Treatments targeting the EGFR receptor (cetuximab and panitumumab) are administered intravenously; they are used as monotherapy or in combination with chemotherapy; and are effective only in patients without mutations in the RAS gene (KRAS and NRAS), also referred to as native RAS or RAS wild type.
Anti-angiogenic treatment (bevacizumab or aflibercept) is indicated for patients with metastases, in combination with chemotherapy and is also administered intravenously.
BRAF inhibitors, in patients with BRAF V600E gene mutations, administered orally in combination with anti-EGFR therapy. Not for clinical use; not approved by CatSalut.

Targeted therapy complications

Cetuximab and panitumumab: toxicity mainly dermatological, in the form of acneiform eruptions (small bumps) and/or scaly patches.

Bevacizumab and aflibercept: thrombosis, hypertension, proteinuria and spontaneous haemorrhaging.
TAS-102: asthenia, anaemia, neutropenia (low red blood cell count) and low platelet count.

Immunotherapy: can cause side effects related to the immune system, different from chemotherapy. Side effects are usually mild and reversible if detected and treated on time. They may appear weeks, months or even a year after the treatment.

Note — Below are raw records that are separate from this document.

Lemma rkhs_wsum_sqr_le f r h :
  rkhs_norm_is f r -> wsum f h ^+ 2 <= r ^+ 2 * pre_ip h h.
Proof.
case=> u [_ [cvg_u cvg_norm]].
have cvg_wsum_u := cvg_wsum (h := h) cvg_u.
rewrite !expr2; apply: (ler_cvg_to (cvgM cvg_wsum_u cvg_wsum_u)
  (cvgMr_tmp (b := pre_ip h h) (cvgM cvg_norm cvg_norm))).
apply: nearW => m /=; rewrite -!expr2 wsum_pre_eval sqr_sqrtr ?pre_ip_ge0 //.
exact: pre_ip_cauchy_schwarz.
Qed.

Lemma wsum_pre_sub (F : pt -> R) h g : wsum F (pre_sub h g) = wsum F h - wsum F g.
Proof.
rewrite /wsum big_cat big_map -sumrN /=; congr (_ + _).
by apply: eq_bigr => d _; rewrite mulNr.
Qed.

Lemma wsum_empirical N (x : 'I_N -> pt) (s : {set 'I_N}) (F : pt -> R) :
  wsum F (empirical x s) = #|s|%:R^-1 * \sum_(i in s) F (x i).
Proof. by rewrite /wsum big_map big_enum mulr_sumr. Qed.

Lemma mass_empirical N (x : 'I_N -> pt) (s : {set 'I_N}) :
  (0 < #|s|)%N -> mass (empirical x s) = 1.
Proof.
move=> s_gt0; rewrite /mass big_map big_enum sumr_const -[LHS]mulr_natr mulVf //.
by rewrite pnatr_eq0 -lt0n.
Qed.

End EnergyKernel.

Theorem proposition1 (R : realType) (p N n : nat) (x : 'I_N -> 'rV[R]_p)
    (f : 'rV[R]_p -> R) (normf : R) (P : {set 'I_N} -> R) :
  (0 < n)%N ->
  rkhs_norm_is f normf ->
  (forall s, 0 <= P s) ->
  \sum_(s : {set 'I_N}) P s = 1 ->
  (forall s, P s != 0 -> #|s| = n) ->
  \sum_(s : {set 'I_N})
      P s * (N%:R / n%:R * \sum_(i in s) f (x i) - \sum_(i < N) f (x i)) ^+ 2
  <= N%:R ^+ 2 * normf ^+ 2 *
     \sum_(s : {set 'I_N}) P s * energy_dist (empirical x s) (empirical x [set: 'I_N]).
Proof.
move=> n_gt0 f_norm P_ge0 _ P_support; rewrite mulr_sumr; apply: ler_sum => s _.
have [->|Ps_neq0] := eqVneq (P s) 0; first by rewrite !mul0r mulr0.
have card_s := P_support s Ps_neq0.
have card_U : #|[set: 'I_N]| = N by rewrite cardsT card_ord.
have N_gt0 : (0 < N)%N.
  by have := max_card s; rewrite card_ord card_s; apply: leq_trans.
set g := pre_sub (empirical x s) (empirical x [set: 'I_N]).
have error_eq : N%:R / n%:R * \sum_(i in s) f (x i) - \sum_(i < N) f (x i)
    = N%:R * wsum f g.
  rewrite wsum_pre_sub !wsum_empirical card_s card_U.
  rewrite (eq_bigl _ _ (@finset.in_setT _)); field.
  by rewrite !pnatr_eq0 -!lt0n N_gt0 n_gt0.
rewrite error_eq energy_dist_pre_ip ?mass_empirical ?card_s ?card_U // -/g.
have := rkhs_wsum_sqr_le g f_norm.
rewrite exprMn -mulrA mulrCA [_ * (P s * _)]mulrCA.
move=> bound; apply: ler_wpM2l; first exact: sqr_ge0.
exact: ler_wpM2l.
Qed.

Main side effects according to the organs affected:

Skin. Rash (redness, eruption, inflammation), pruritus (itching) and loss of pigmentation (vitiligo).

Gastrointestinal system. Diarrhoea, colitis (colon inflammation), sometimes with blood present or severe abdominal pain.

Endocrine organs:
- Thyroid disorders (hyperthyroidism or hypothyroidism).
- Inflammation of the pituitary gland (hypophysitis).
- Symptoms: fatigue, weight loss, nausea/vomiting, excessive thirst.
Lungs. Pneumonitis (pulmonary inflammation), which can cause respiratory distress or cough.

Liver. Autoimmune hepatitis (liver inflammation).

General symptoms. Fatigue, unexplained fever, muscle weakness, joint pain, headache and confusion.

Personalised treatment with anti-EGFR antibodies

Cetuximab and panitumumab are monoclonal antibodies that target receptors located on the surface of epidermal growth factor cells (EGFR). These receptors are involved in tumour cell survival and growth. Anti-EGFR antibody therapy is only indicated in patients with wild-type RAS colorectal cancer (with no mutations in their RAS genes) because it is only beneficial in these cases. Contrastingly, anti-EGFR therapy is not indicated for patients with RAS mutated colorectal cancer as it does not offer any benefit and could even be harmful. Anti-EGFR therapy in patients with wild-type RAS colorectal cancer provides a significant clinical benefit as it increases the likelihood of a response, improves control over the disease and increases patient survival.